(* The universe U is fixed to be nat (a countably infinite set). *)
Definition U := nat.

(* A schema: a finite type S of relation symbols with arity ar : S -> nat.
   A fact R(u_1,...,u_ar(R)) is a pair (R, [u_1; ...; u_ar(R)]) of correct arity. *)
Section Schema.
Variables (S : finType) (ar : S -> nat).

Definition wf_fact (f : S * seq U) : bool := size f.2 == ar f.1.
Definition fact := {f : S * seq U | wf_fact f}.
Definition instance := {fset fact}.

Definition adom (D : instance) : seq U := flatten [seq (val f).2 | f <- D].

Inductive term := TVar of nat | TConst of U.

Inductive form :=
| FAtom of S & seq term
| FEq of term & term
| FNot of form
| FAnd of form & form
| FOr of form & form
| FEx of nat & form
| FAll of nat & form.

Definition teval (env : nat -> U) (t : term) : U :=
  match t with TVar x => env x | TConst c => c end.

Definition upd (env : nat -> U) (x : nat) (a : U) : nat -> U :=
  fun y => if y == x then a else env y.

Definition tconsts (t : term) : seq U :=
  match t with TVar _ => [::] | TConst c => [:: c] end.

Fixpoint consts (phi : form) : seq U :=
  match phi with
  | FAtom _ ts => flatten (map tconsts ts)
  | FEq t1 t2 => tconsts t1 ++ tconsts t2
  | FNot p => consts p
  | FAnd p q | FOr p q => consts p ++ consts q
  | FEx _ p | FAll _ p => consts p
  end.

Definition tvars (t : term) : seq nat :=
  match t with TVar x => [:: x] | TConst _ => [::] end.

Fixpoint fv (phi : form) : seq nat :=
  match phi with
  | FAtom _ ts => flatten (map tvars ts)
  | FEq t1 t2 => tvars t1 ++ tvars t2
  | FNot p => fv p
  | FAnd p q | FOr p q => fv p ++ fv q
  | FEx x p | FAll x p => [seq y <- fv p | y != x]
  end.

Fixpoint atoms_ok (phi : form) : bool :=
  match phi with
  | FAtom r ts => size ts == ar r
  | FEq _ _ => true
  | FNot p => atoms_ok p
  | FAnd p q | FOr p q => atoms_ok p && atoms_ok q
  | FEx _ p | FAll _ p => atoms_ok p
  end.

(* phi is a formula phi(x_1,...,x_n): free variables among x_1..x_n,
   where x_i is encoded as the variable number i-1 *)
Definition form_wf (n : nat) (phi : form) : bool :=
  atoms_ok phi && all (fun x => x < n)%N (fv phi).

Fixpoint holds (D : instance) (dom : seq U) (env : nat -> U) (phi : form) : bool :=
  match phi with
  | FAtom r ts => (r, map (teval env) ts) \in [seq val f | f <- D]
  | FEq t1 t2 => teval env t1 == teval env t2
  | FNot p => ~~ holds D dom env p
  | FAnd p q => holds D dom env p && holds D dom env q
  | FOr p q => holds D dom env p || holds D dom env q
  | FEx x p => has (fun a => holds D dom (upd env x a) p) dom
  | FAll x p => all (fun a => holds D dom (upd env x a) p) dom
  end.
Theorem lemma5p2 (R : realType) (lam : R -> R)
  (hle : forall d, lam d <= d)
  (hinf : lam x @[x --> +oo] --> +oo) :
  forall eps : R, 0 < eps ->
  exists d0 : R, forall d : R, d0 <= d ->
  forall (T : finType) (e : rel T), simple_graph e ->
    (2 * num_edges e)%:R <= d * #|T|%:R ->
    (num_triangles e)%:R <= d ^+ 2 * #|T|%:R / lam d ^+ 3 ->
    (1 - eps) * (#|T|%:R * ln (lam d) / d) <= (alpha e)%:R.
Proof.
move=> eps eps_gt0; set a := 1 + 4 / eps; set K := ln a + 2 / a.
have a_ge1 : 1 <= a by rewrite lerDl divr_ge0 // ltW.
have a_gt0 : 0 < a by lra.
have K_ge0 : 0 <= K by rewrite addr_ge0 ?ln_ge0 // divr_ge0 //; lra.
move/cvgryPge: hinf => /(_ (Num.max 1 (expR (2 * K / eps)))) [M [_ lam_large]].
exists (M + 1) => d M_lt_d T e [e_sym e_irr] edges_le triangles_le.
have : Num.max 1 (expR (2 * K / eps)) <= lam d by apply: lam_large; lra.
rewrite ge_max => /andP[lam_ge1 lam_ge_exp].
have lam_gt0 : 0 < lam d by lra.
have lam_bounds : 0 < lam d <= d by rewrite lam_gt0 hle.
have d_gt0 : 0 < d := lt_le_trans lam_gt0 (hle d).
have ln_lam : 2 * K / eps <= ln (lam d) by rewrite -ler_expR lnK ?posrE.
apply: le_trans (alpha_ge_sampling e_sym e_irr (shearer_f_tangent a_gt0)
  (shearer_s_le0 a_gt0) (shearer_f_recurrence a_gt0) (shearer_f0_le1 a_gt0)
  (shearer_f_ge0 a_gt0) lam_bounds edges_le triangles_le).
have -> : (1 - eps) * (#|T|%:R * ln (lam d) / d) = #|T|%:R / d * ((1 - eps) * ln (lam d)).
  by field; rewrite gt_eqF.
apply: ler_wpM2l; first by rewrite divr_ge0 // ltW.
apply: le_trans (shearer_f_lower a_gt0 lam_gt0); rewrite -addrA -opprD.
by apply: margin_le; rewrite ?kappa_ge_eps ?kappa_le1.
Qed.
Lemma continuous_sumR (f : nat -> R -> R) n x : (forall k, (k < n)%nat -> continuous (f k) x) ->
  continuous (fun y => sumR (fun k => f k y) n) x.
Proof.
  induction n; intros H; simpl; [apply continuous_const|apply continuous_Rplus; auto].
Qed.

Lemma continuous_prodR (f : nat -> R -> R) n x : (forall k, (k < n)%nat -> continuous (f k) x) ->
  continuous (fun y => prodR (fun k => f k y) n) x.
Proof.
  induction n; intros H; simpl; [apply continuous_const|apply continuous_Rmult; auto].
Qed.

Lemma continuous_uniform_limit (fn : nat -> R -> R) (f : R -> R) x r : 0 < r ->
  (forall n, continuous (fn n) x) ->
  (forall eps, 0 < eps -> exists N, forall y, Rabs (y - x) < r -> Rabs (fn N y - f y) < eps) ->
  continuous f x.
Proof.
  intros Hr Hc Hu. apply continuity_pt_filterlim. intros eps Heps.
  destruct (Hu (eps/3) ltac:(lra)) as [N HN].
  destruct (proj2 (continuity_pt_filterlim _ _) (Hc N) (eps/3) ltac:(lra)) as [alp [Halp H]].
  exists (Rmin alp r). split; [apply Rmin_pos; lra|].
  intros y [_ Hy]. simpl in *. unfold R_dist in *.
  assert (Hy1 : Rabs (y - x) < alp) by (eapply Rlt_le_trans; [apply Hy|apply Rmin_l]).
  assert (Hy2 : Rabs (y - x) < r) by (eapply Rlt_le_trans; [apply Hy|apply Rmin_r]).
  assert (Hx : Rabs (x - x) < r) by (rewrite Rminus_diag, Rabs_R0; lra).
  destruct (Req_dec y x) as [->|Hne]; [rewrite Rminus_diag, Rabs_R0; lra|].
  specialize (H y (conj (conj I (not_eq_sym Hne)) Hy1)). simpl in H. unfold R_dist in H.
  pose proof (HN y Hy2) as HNy. pose proof (HN x Hx) as HNx.
  revert H HNy HNx. unfold Rabs; repeat destruct Rcase_abs; lra.
Qed.

Lemma exp_le_compat x y : x <= y -> exp x <= exp y.
Proof. intros H. destruct (Rle_lt_or_eq_dec _ _ H) as [h|h]; [left; apply exp_increasing; auto|rewrite h; lra]. Qed.

Lemma ln_nonpos x : 0 < x <= 1 -> ln x <= 0.
Proof. intros H. rewrite <- ln_1. apply ln_le; lra. Qed.

Lemma one_sub_pow_in_01 x n : 0 <= x <= 1 -> 0 <= 1 - x ^ n <= 1.
Proof.
  intros Hx. assert (x ^ n <= 1) by (rewrite <- (pow1 n); apply pow_incr; lra).
  pose proof (pow_le x n ltac:(lra)). lra.
Qed.

Lemma one_sub_pow_le x n : 0 <= x <= 1 -> 1 - x ^ n <= INR n * (1 - x).
Proof.
  intros Hx. induction n as [|n IH]; [simpl; lra|].
  rewrite S_INR. simpl. pose proof (one_sub_pow_in_01 x n Hx). pose proof (pow_le x n ltac:(lra)).
  nra.
Qed.

(* [|ln x|^m / m! <= e^{|ln x|/2} 2^m = 2^m / sqrt x], from one term of the exponential series *)
Lemma pow_abs_ln_le m x : 0 < x <= 1 -> Rabs (ln x) ^ m <= 2 ^ m * INR (fact m) / sqrt x.
Proof.
  intros Hx. pose proof (ln_nonpos x Hx).
  set (y := - ln x / 2).
  assert (Hy : 0 <= y) by (unfold y; lra).
  assert (Hexp : exp y = / sqrt x).
  { rewrite <- Rpower_sqrt, <- Rpower_Ropp by lra. unfold Rpower. f_equal. unfold y; field. }
  assert (Ht : y ^ m / INR (fact m) <= exp y).
  { eapply Rle_trans; [|apply (exp_ge_taylor y m Hy)].
    destruct m; [apply Rle_refl|]. simpl.
    assert (Hs : 0 <= sum_f_R0 (fun k => y ^ k / INR (fact k)) m).
    { apply cond_pos_sum. intros n. apply Rmult_le_pos; [apply pow_le; auto|].
      left; apply Rinv_0_lt_compat, lt_0_INR, lt_O_fact. }
    simpl in Hs. lra. }
  rewrite Rabs_left1 by lra.
  replace (- ln x) with (2 * y) by (unfold y; field).
  rewrite Rpow_mult_distr.
  pose proof (lt_0_INR _ (lt_O_fact m)).
  rewrite Hexp in Ht.
  assert (y ^ m <= INR (fact m) * / sqrt x).
  { apply (Rmult_le_reg_r (/ INR (fact m))); [apply Rinv_0_lt_compat; auto|].
    replace (INR (fact m) * / sqrt x * / INR (fact m)) with (/ sqrt x)
      by (field; split; [lra|apply Rgt_not_eq, sqrt_lt_R0; lra]).
    exact Ht. }
  unfold Rdiv. rewrite Rmult_assoc. apply Rmult_le_compat_l; auto. apply pow_le; lra.
Qed.

Lemma Rpower_opp_mul_pow_le_1 y rho N : 0 < y < 1 -> rho <= INR N -> Rpower y (- rho) * y ^ N <= 1.
Proof.
  intros Hy Hr. rewrite <- (Rpower_pow N y), <- Rpower_plus by lra.
  unfold Rpower. rewrite <- exp_0.
  assert (ln y < 0) by (rewrite <- ln_1; apply ln_increasing; lra).
  apply exp_le_compat. nra.
Qed.

Lemma exp_INR_mul_ln (n : nat) x : 0 < x -> exp (- (INR n * - ln x)) = x ^ n.
Proof. intros Hx. rewrite <- Rpower_pow by auto. unfold Rpower. f_equal. ring. Qed.

Lemma pow_abs_ln_div_le m c x : 0 < c <= x -> x <= 1 -> Rabs (ln x) ^ m / x <= Rabs (ln c) ^ m / c.
Proof.
  intros Hc Hx. unfold Rdiv. apply Rmult_le_compat.
  - apply pow_le, Rabs_pos.
  - left; apply Rinv_0_lt_compat; lra.
  - apply pow_incr. split; [apply Rabs_pos|].
    rewrite !Rabs_left1 by (apply ln_nonpos; lra). pose proof (ln_le c x ltac:(lra) ltac:(lra)). lra.
  - apply Rinv_le_contravar; lra.
Qed.

(** * Improper integrals over an open interval *)

Definition ex_RInt_interior (f : R -> R) a b :=
  forall c d, a < c -> c <= d -> d < b -> ex_RInt f c d.

Definition is_improper_RInt (f : R -> R) a b I :=
  forall eps, 0 < eps -> exists c0 d0, a < c0 <= d0 /\ d0 < b /\
    forall c d, a < c <= c0 -> d0 <= d < b -> Rabs (RInt f c d - I) < eps.

Lemma ex_RInt_interior_continuous (f : R -> R) a b :
  (forall x, a < x < b -> continuous f x) -> ex_RInt_interior f a b.
Proof.
  intros H c d h1 h2 h3. apply (ex_RInt_continuous (V:=R_CompleteNormedModule)).
  intros z Hz. apply H. revert Hz; unfold Rmin, Rmax; repeat destruct Rle_dec; lra.
Qed.

Lemma RInt_Chasles3 f c c0 d0 d : ex_RInt f c c0 -> ex_RInt f c0 d0 -> ex_RInt f d0 d ->
  RInt f c d = RInt f c c0 + RInt f c0 d0 + RInt f d0 d.
Proof.
  intros H1 H2 H3.
  rewrite <- (RInt_Chasles f c d0 d); [|apply ex_RInt_Chasles with c0|]; auto.
  rewrite <- (RInt_Chasles f c c0 d0); auto.
Qed.

Lemma Rmin_Rmax_window a b c0 c1 d0 d1 : a < c0 -> a < c1 -> d0 < b -> d1 < b ->
  a < Rmin c0 c1 /\ Rmin c0 c1 <= c0 /\ Rmin c0 c1 <= c1 /\
  Rmax d0 d1 < b /\ d0 <= Rmax d0 d1 /\ d1 <= Rmax d0 d1.
Proof. unfold Rmin, Rmax; repeat destruct Rle_dec; lra. Qed.
Lemma walk_shorten u v p : walk src dst u v p ->
  exists2 q, is_path src dst u v q & subseq q p.
Proof.
elim: p u => [|e p IH] u /=; first by exists [::]; rewrite /is_path /= ?andbT.
case/andP=> /eqP se /IH[q /andP[wq uq] sub_qp].
have [u_in|u_out] := boolP (u \in dst e :: map dst q); last first.
  by exists (e :: q); rewrite /is_path /= ?eqxx // se eqxx wq /= u_out.
set vs := dst e :: map dst q in u_in uq; set i := index u vs.
have le_iq : i <= size q by rewrite -ltnS -[(size q).+1](size_map dst (e :: q)) index_mem.
have drop_vs : drop i vs = last (dst e) (map dst (take i q)) :: map dst (drop i q).
  rewrite /vs; elim: (q) (dst e) (i) le_iq => [|y q' IHq] x [|n] //= le_nq.
  by rewrite IHq.
have last_take : last (dst e) (map dst (take i q)) = u.
  by move: drop_vs; rewrite (drop_nth u) ?index_mem // nth_index // => -[].
exists (drop i q).
  apply/andP; split; last by rewrite -last_take -drop_vs drop_uniq.
  by move: wq; rewrite -{1}(cat_take_drop i q) walk_cat last_take => /andP[].
by apply: subseq_trans (drop_subseq _ _) (subseq_trans sub_qp (subseq_cons _ _)).
Qed.

End Walks.

Section TollFreeDistance.
Variables (V A : finType) (src dst : A -> V) (toll : pred A) (w : A -> nat).

Lemma tfdist_path u v k : tfdist src dst toll w u v = Some k ->
  exists p, [/\ is_path src dst u v p, all (predC toll) p & nlen w p = k].
Proof. by rewrite /tfdist; case: pselect => // ex [<-]; case: ex_minnP => n /asboolP. Qed.
Lemma AND_poly_logrand_lift m p q : 0 < m -> p %| m -> q %| m ->
  AND_poly_logrand p q -> AND_poly_logrand m m.
Proof.
move=> m_gt0 p_dvd_m q_dvd_m [C [k AND_pq]]; exists C, k => n.
have [r [G [G_size r_le G_AND]]] := AND_pq n.
exists r, (cc_lift m G); split => // a.
by under eq_finset do rewrite cc_liftE //; apply: G_AND.
Qed.

Lemma AND_poly_logrand_primes p q :
  prime p -> prime q -> p != q -> AND_poly_logrand p q.
Proof.
move=> pr_p pr_q neq_pq; apply: AND_poly_logrand_coprime => //.
  exact: prime_gt1.
by rewrite prime_coprime // dvdn_prime2.
Qed.

Theorem theorem1p3 :
  (forall m : nat, 0 < m -> 2 <= size (primes m) -> AND_poly_logrand m m) /\
  (forall p q : nat, prime p -> prime q -> p != q -> AND_poly_logrand p q).
Proof.
split=> [m m_gt0 two_primes | ]; last exact: AND_poly_logrand_primes.
have [p_in q_in] : nth 0 (primes m) 0 \in primes m /\ nth 0 (primes m) 1 \in primes m.
  by split; apply: mem_nth; apply: leq_trans two_primes.
move: p_in q_in; rewrite !mem_primes => /and3P[pr_p _ p_dvd] /and3P[pr_q _ q_dvd].
apply: (AND_poly_logrand_lift m_gt0 p_dvd q_dvd); apply: AND_poly_logrand_primes => //.
by rewrite nth_uniq ?primes_uniq // (leq_trans _ two_primes).
Qed.
Lemma one_sub_succ_mul_exp_le a b : 0 <= a <= b ->
  1 - (1 + a) * exp (- a) <= 1 - (1 + b) * exp (- b).
Proof.
  intros Hab.
  assert (Hsplit : exp (- a) = exp (- b) * exp (b - a)) by (rewrite <- exp_plus; f_equal; ring).
  pose proof (exp_ineq1_le (b - a)). pose proof (exp_pos (- b)).
  assert (1 + b <= (1 + a) * exp (b - a)) by nra.
  rewrite Hsplit. nra.
Qed.

Lemma vnorm_rhs_le N d sigma tau psi x v i r P : (2 <= N)%nat -> (i < N)%nat ->
  (forall q, 0 <= q -> 0 <= psi q <= 1) ->
  (forall j, (j < N)%nat -> vnorm d (vsub (v j (r - tau)) (v i (r - sigma))) <= P) ->
  vnorm d (fun k => rhs N d sigma tau psi x v i r k) <= P.
Proof.
  intros HN Hi Hpsi HP.
  assert (HN1 : 0 < / INR (N - 1)) by (apply Rinv_0_lt_compat, lt_0_INR; lia).
  eapply Rle_trans; [apply vnorm_sumR; reflexivity|].
  eapply Rle_trans.
  { apply (sumR_le N _ (fun j => if Nat.eqb j i then 0 else / INR (N - 1) * P)).
    intros j Hj. cbv beta. destruct (Nat.eqb j i).
    - rewrite vnorm_zero by reflexivity. lra.
    - rewrite (vnorm_scal d (a_w N d sigma tau psi x i j r)
                 (vsub (v j (r - tau)) (v i (r - sigma)))) by reflexivity.
      unfold a_w.
      destruct (Hpsi (vnorm d (vsub (x i (r - sigma)) (x j (r - tau))))) as [Hpsi0 Hpsi1];
        [apply vnorm_nonneg|].
      rewrite Rabs_right by (apply Rle_ge, Rmult_le_pos; lra).
      apply Rmult_le_compat; [apply Rmult_le_pos; lra | apply vnorm_nonneg | | apply HP, Hj].
      rewrite <- (Rmult_1_r (/ INR (N - 1))) at 2. apply Rmult_le_compat_l; lra. }
  rewrite sumR_Nat_eqb by exact Hi. right. field. apply not_0_INR. lia.
Qed.
Lemma edges_into_src_before s1 e s2 : edges_ordered d L = s1 ++ e :: s2 ->
  forall e', is_edge e' -> tgt e' = src e -> e' \in s1.
Proof.
move=> def_s e' he' ht.
have he : is_edge e by rewrite -mem_edges_ordered def_s mem_cat mem_head orbT.
have : e' \in edges_ordered d L by rewrite mem_edges_ordered.
rewrite def_s mem_cat inE => /or3P [// | /eqP ee' | e's2].
  by move: (src_neq_tgt he); rewrite -ht ee' eqxx.
have : pairwise (fun e1 e2 : edge => layer (tgt e1) <= layer (tgt e2))
         (edges_ordered d L).
  by rewrite -sorted_pairwise; [apply: sort_sorted => ? ?; apply: leq_total
                               | move=> ? ? ?; apply: leq_trans].
rewrite def_s pairwise_cat /= => /and3P [_ _ /andP [/allP e_le _]].
by have := e_le e' e's2; rewrite ht layer_tgt // ltnn.
Qed.

Lemma card_ord_succ_lt n : #|[pred i : 'I_n | i.+1 < n]| = n.-1.
Proof.
case: n => [|n].
  by apply/eqP; rewrite -leqn0 (leq_trans (max_card _)) ?card_ord.
have -> : n.+1.-1 = #|predC1 (@ord_max n)| by rewrite cardC1 card_ord.
apply: eq_card => i; rewrite !inE ltnS.
by rewrite ltn_neqAle -ltnS ltn_ord andbT -val_eqE.
Qed.

Lemma card_edges_dir k :
  #|[pred x : site d L | (x k).+1 < L]| = (L.-1 * L ^ d.-1)%N.
Proof.
pose F j : pred 'I_L := if j == k then [pred i : 'I_L | i.+1 < L] else predT.
have -> : #|[pred x : site d L | (x k).+1 < L]| = #|(family F : simpl_pred _)|.
  apply: eq_card => x; rewrite !inE; apply/idP/familyP => [h j|h].
    by rewrite /F; case: eqP => [->|].
  by have := h k; rewrite /F eqxx.
rewrite card_family foldrE big_image /= (bigD1 k) //= /F eqxx card_ord_succ_lt.
congr (_ * _)%N; rewrite (eq_bigr (fun _ => L)); last first.
  by move=> j /negbTE ->; rewrite card_ord.
by rewrite prod_nat_const cardC1 card_ord.
Qed.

☆ ☆ ☆ ☆ ☆ ☆ ☆

Begin at the line above that has "intros Hab." and stop after the line that has "assert (HN1 : 0", copying each line exactly and adding nothing else.

▶ [Response to the exercise]:
  intros Hab.
  assert (Hsplit : exp (- a) = exp (- b) * exp (b - a)) by (rewrite <- exp_plus; f_equal; ring).
  pose proof (exp_ineq1_le (b - a)). pose proof (exp_pos (- b)).
  assert (1 + b <= (1 + a) * exp (b - a)) by nra.
  rewrite Hsplit. nra.
Qed.

Lemma vnorm_rhs_le N d sigma tau psi x v i r P : (2 <= N)%nat -> (i < N)%nat ->
  (forall q, 0 <= q -> 0 <= psi q <= 1) ->
  (forall j, (j < N)%nat -> vnorm d (vsub (v j (r - tau)) (v i (r - sigma))) <= P) ->
  vnorm d (fun k => rhs N d sigma tau psi x v i r k) <= P.
Proof.
  intros HN Hi Hpsi HP.
  assert (HN1 : 0 < / INR (N - 1)) by (apply Rinv_0_lt_compat, lt_0_INR; lia).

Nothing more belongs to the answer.